Lemma cos_root_angle_lt1 (k m : nat) : (0 < k)%N -> (k < m)%N ->
  cos (INR k * root_angle m) < 1.
Proof.
move=> /leP k0 /leP km; apply: cos_lt1.
have k0R : 0 < INR k by apply: lt_0_INR.
have kmR : INR k < INR m by apply: lt_INR.
have PI0 := PI_RGT_0.
have m0R : 0 < INR m by Lra.lra.
have mu1 : INR m * / INR m = 1 by apply: Rinv_r; Lra.lra.
have u0 : 0 < / INR m by apply: Rinv_0_lt_compat.
have ku1 : INR k * / INR m < 1 by Psatz.nra.
have := Rmult_lt_0_compat _ _ PI0 (Rmult_lt_0_compat _ _ k0R u0).
have := Rmult_lt_compat_l _ _ _ PI0 ku1.
rewrite /root_angle /Rdiv; split; Lra.lra.
Qed.

Lemma cos_root_angle_ge_half (m : nat) : (6 <= m)%N -> 1 / 2 <= cos (root_angle m).
Proof.
move=> m6; have m6R : 6 <= INR m.
  by have := le_INR 6 m (elimT leP m6); rewrite /INR; Lra.lra.
have PI0 := PI_RGT_0; rewrite -cos_PI3 /root_angle.
have : 0 < 2 * PI / INR m <= PI / 3.
  split; first by apply: Rdiv_lt_0_compat; Lra.lra.
  have : / INR m <= / 6 by apply: Rinv_le_contravar; Lra.lra.
  rewrite /Rdiv; Psatz.nra.
case=> t0 [tPI3 | ->]; last exact: Rle_refl.
by apply/Rlt_le/cos_decreasing_1; Lra.lra.
Qed.

End TrigBounds.

Local Open Scope complex_scope.

Definition cis (t : R) : C := Complex (cos t) (sin t).

Lemma cis_pow t k : cis t ^+ k = cis (INR k * t).
Proof.
elim: k => [|k IH]; first by rewrite expr0 /cis Rmult_0_l cos_0 sin_0.
rewrite exprS IH /cis S_INR Rmult_plus_distr_r Rmult_1_l Rplus_comm cos_plus sin_plus.
by apply/eqP; rewrite eq_complex /= !RminusE !RplusE !RmultE eqxx addrC eqxx.
Qed.

Lemma cis_trace t : cis t ^+ 2 + cis t + 1 = cis t * (1 + 2 * cos t)%:C.
Proof.
have sin2 : sin t * sin t = 1 - cos t * cos t.
  by have := sin2_cos2 t; rewrite /Rsqr RplusE !RmultE R1E => <-; ring.
apply/eqP; rewrite eq_complex /= !mulr0 !subr0 !addr0 sin2.
by apply/andP; split; apply/eqP; ring.
Qed.

Lemma prim_root_cis m : (0 < m)%N -> m.-primitive_root (cis (root_angle m)).
Proof.
move=> m0; have wm : cis (root_angle m) ^+ m = 1.
  by rewrite cis_pow INR_mul_root_angle // /cis cos_2PI sin_2PI.
have [k pk km] := prim_order_exists m0 wm.
have [km_eq|k_neq_m] := eqVneq k m; first by rewrite km_eq in pk.
have kltm : (k < m)%N by rewrite ltn_neqAle k_neq_m dvdn_leq.
have := prim_expr_order pk; rewrite cis_pow => /(congr1 (@complex.Re _)) /= cos1.
by have := cos_root_angle_lt1 (prim_order_gt0 pk) kltm; rewrite cos1 => /Rlt_irrefl.
Qed.
Lemma biconnected_apex_path (S : {set T}) x y : biconnected_set e S ->
  x \in S -> y \in S -> x != y -> ~~ e x y -> exists z s, apex_path z s.
Proof.
case=> connS noCut xS yS nxy nexy.
case/connectP: (connS x y xS yS) => p hp def_y.
rewrite def_y in nxy nexy yS.
have [a [z [c [[aS zS cS] [haz hzc nac neac]]]]] := induced_path_two_step hp nxy nexy yS.
have connSz : connected_on e (S :\ z) by apply: NNPP => disconn; apply: (noCut z).
have aSz : a \in S :\ z by rewrite !inE aS andbT eq_sym neq_of_edge // esym.
have cSz : c \in S :\ z by rewrite !inE cS andbT eq_sym neq_of_edge.
case/connectP: (connSz a c aSz cSz) => q hq def_c.
case/shortenP: hq def_c => q' hq' uq' sub_q def_c.
exists z, (a :: q'); split => //=.
- by apply: sub_path hq' => u v /and3P [].
- have nza : z != a by apply: neq_of_edge; rewrite esym.
  by rewrite inE negb_or nza /=; apply/negP => /(induced_path_sub hq'); rewrite !inE eqxx.
- by case: q' {hq' uq' sub_q} def_c => //= def_c; rewrite def_c eqxx in nac.
- by rewrite esym.
- by rewrite -def_c.
- by rewrite -def_c.
Qed.

Lemma biconnected_clique_of_Gpi_acyclic (S : {set T}) :
  (forall pi, injective pi -> ~ has_cycle (Gpi e pi)) -> biconnected_set e S -> clique e S.
Proof.
move=> acyclic biS x y xS yS nxy; apply/negPn/negP => nexy.
have [z [s hs]] := biconnected_apex_path biS xS yS nxy nexy.
by have [pi ipi] := apex_path_Gpi_cycle hs; apply: acyclic.
Qed.

Lemma connect_Gpi_edge pi : injective pi -> forall u v, e u v -> connect (Gpi e pi) u v.
Proof.
move=> ipi; have Gsym := sym_connect_sym (Gpi_sym pi).
suff lt_case u v : e u v -> pi u < pi v -> connect (Gpi e pi) u v.
  move=> u v huv; case: (ltngtP (pi u) (pi v)) => [| lt_vu | /ipi eq_uv]; first exact: lt_case.
    by rewrite Gsym; apply: lt_case; rewrite 1?esym.
  by move: huv; rewrite eq_uv eirr.
have [n] := ubnP (pi u); elim: n u v => // n IH u v /ltnSE le_un huv lt_uv.
have [g | ] := boolP (good e pi u v); first by apply: connect1; rewrite /Gpi g.
rewrite /good huv lt_uv /= => /forallPn [w].
rewrite negb_imply -leqNgt => /andP [/andP [huw hvw] le_wu].
have lt_wu : pi w < pi u.
  by rewrite ltn_neqAle le_wu andbT; apply: contraTneq huw => /ipi ->; rewrite eirr.
apply: (@connect_trans _ _ w).
  by rewrite Gsym; apply: IH; rewrite 1?esym //; apply: leq_trans le_un.
by apply: IH; rewrite 1?esym //; [apply: leq_trans le_un | apply: ltn_trans lt_uv].
Qed.

Lemma Gpi_connected pi : injective pi -> connected_graph e -> connected_graph (Gpi e pi).
Proof.
by move=> ipi conn x y; apply: connect_sub (conn x y) => u v /(connect_Gpi_edge ipi).
Qed.

Lemma induced_sym (S : {set T}) : symmetric (induced e S).
Proof. by move=> x y; rewrite /induced esym [(x \in S) && _]andbC. Qed.

Lemma connect_induced_path (S : {set T}) x p : path e x p -> {subset x :: p <= S} ->
  {in x :: p, forall y, connect (induced e S) x y}.
Proof.
elim: p x => [|w p IH] x /=; first by move=> _ _ y; rewrite inE => /eqP ->.
move=> /andP [hxw hp] sub_S y; rewrite inE => /predU1P [-> // | yp].
apply: (@connect_trans _ _ w).
  by apply: connect1; rewrite /induced hxw !sub_S ?inE ?eqxx ?orbT.
by apply: IH => // v vp; apply: sub_S; rewrite inE vp orbT.
Qed.

Lemma connected_on_path x p : path e x p -> connected_on e [set y in x :: p].
Proof.
move=> hp a b; rewrite !in_set => ap bp.
have sub_S : {subset x :: p <= [set y in x :: p]} by move=> y; rewrite in_set.
apply: (@connect_trans _ _ x); last exact: connect_induced_path hp sub_S b bp.
by rewrite (sym_connect_sym (@induced_sym _)); apply: connect_induced_path hp sub_S a ap.
Qed.
Hypothesis order_condition : forall p : nat, prime p ->
  coprime p (#[y]%g * #[(y * x)%g]%g)
  \/ exists m1 m2 : nat, m1 != m2 %[mod p] /\
       coprime p (#[(x * y ^- m1)%g]%g * #[(x * y ^- m2)%g]%g).

Lemma unipotents_prime_power p e R : prime p -> (0 < e)%N -> coprime p R ->
  unipotents_realizable (p ^ e) R.
Proof.
move=> pp e0 cR; case: (order_condition pp) => [cyx | [m1 [m2 [ne co]]]].
  exact: unipotents_orders_y_yx.
have [lt12 | lt21 | eq12] := ltngtP m1 m2.
- by apply: (unipotents_two_slopes pp e0 cR lt12 _ co); rewrite -(eqn_mod_dvd p (ltnW lt12)) eq_sym.
- apply: (unipotents_two_slopes pp e0 cR lt21); last by rewrite mulnC.
  by rewrite -(eqn_mod_dvd p (ltnW lt21)).
- by rewrite eq12 eqxx in ne.
Qed.

Lemma words_realizable n v : (0 < n)%N -> realizable n 1 (word_m2 v).
Proof.
move=> n0; elim: v => [|g v IH]; first exact: realizable_one.
apply: realizable_mul IH; apply: realizable_local_global (coprimen1 n) => //.
move=> p e R pp e0 cR; apply: generators_realizable.
exact: unipotents_prime_power.
Qed.

End Stabilizer.

(* Step 5 begins with Euclid's algorithm on a column (a, c): it is g times the
   first column of the matrix of some word. *)
Lemma column_reduction (a c : int) :
  exists v g al be ga de, word_m2 v = (al, be, ga, de) /\ a = al * g /\ c = ga * g.
Proof.
move: {2}(absz c).+1 (ltnSn (absz c)) => N; elim: N a c => [//|N IH] a c hc.
have [-> | c_neq0] := eqVneq c 0.
  by exists [::], a, 1, 0, 0, 1; rewrite mul1r mul0r.
set r := (a %% c)%Z.
have hr : (absz r < N)%N.
  have : (absz r < absz c)%N by rewrite -ltz_nat !abszE ger0_norm ?ltz_mod ?modz_ge0.
  by move: hc; lia.
have [v [g [al [be [ga [de [E [har hcr]]]]]]]] := IH (- c) r hr.
set k := (a %/ c)%Z.
exists (tpow k ++ GSi :: v), g, (- k * al + ga), (- k * be + de), (- al), (- be).
split; first by rewrite word_m2_cat /= E word_m2_tpow /upper /=; congr (_, _, _, _); ring.
have hc' : c = - (al * g) by rewrite -har opprK.
split; last by rewrite hc'; ring.
by rewrite {1}(divz_eq a c) -/k -/r hcr hc'; ring.
Qed.

Lemma m2mul_upper_triangular (al be ga de b d g : int) : al * de - be * ga = 1 ->
  m2mul (al, be, ga, de) (g, de * b - be * d, 0, al * d - ga * b) = (al * g, b, ga * g, d).
Proof.
move=> h; rewrite /=; congr (_, _, _, _); try ring.
  have -> : al * (de * b - be * d) + be * (al * d - ga * b) = b * (al * de - be * ga) by ring.
  by rewrite h mulr1.
have -> : ga * (de * b - be * d) + de * (al * d - ga * b) = d * (al * de - be * ga) by ring.
by rewrite h mulr1.
Qed.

**Required action**
Lines from the one containing "have : (absz" through the last line of the records, both included, are the only ones to print, each exactly as it is.

**Task output**
  have : (absz r < absz c)%N by rewrite -ltz_nat !abszE ger0_norm ?ltz_mod ?modz_ge0.
  by move: hc; lia.
have [v [g [al [be [ga [de [E [har hcr]]]]]]]] := IH (- c) r hr.
set k := (a %/ c)%Z.
exists (tpow k ++ GSi :: v), g, (- k * al + ga), (- k * be + de), (- al), (- be).
split; first by rewrite word_m2_cat /= E word_m2_tpow /upper /=; congr (_, _, _, _); ring.
have hc' : c = - (al * g) by rewrite -har opprK.
split; last by rewrite hc'; ring.
by rewrite {1}(divz_eq a c) -/k -/r hcr hc'; ring.
Qed.

Lemma m2mul_upper_triangular (al be ga de b d g : int) : al * de - be * ga = 1 ->
  m2mul (al, be, ga, de) (g, de * b - be * d, 0, al * d - ga * b) = (al * g, b, ga * g, d).
Proof.
move=> h; rewrite /=; congr (_, _, _, _); try ring.
  have -> : al * (de * b - be * d) + be * (al * d - ga * b) = b * (al * de - be * ga) by ring.
  by rewrite h mulr1.
have -> : ga * (de * b - be * d) + de * (al * d - ga * b) = d * (al * de - be * ga) by ring.
by rewrite h mulr1.
Qed.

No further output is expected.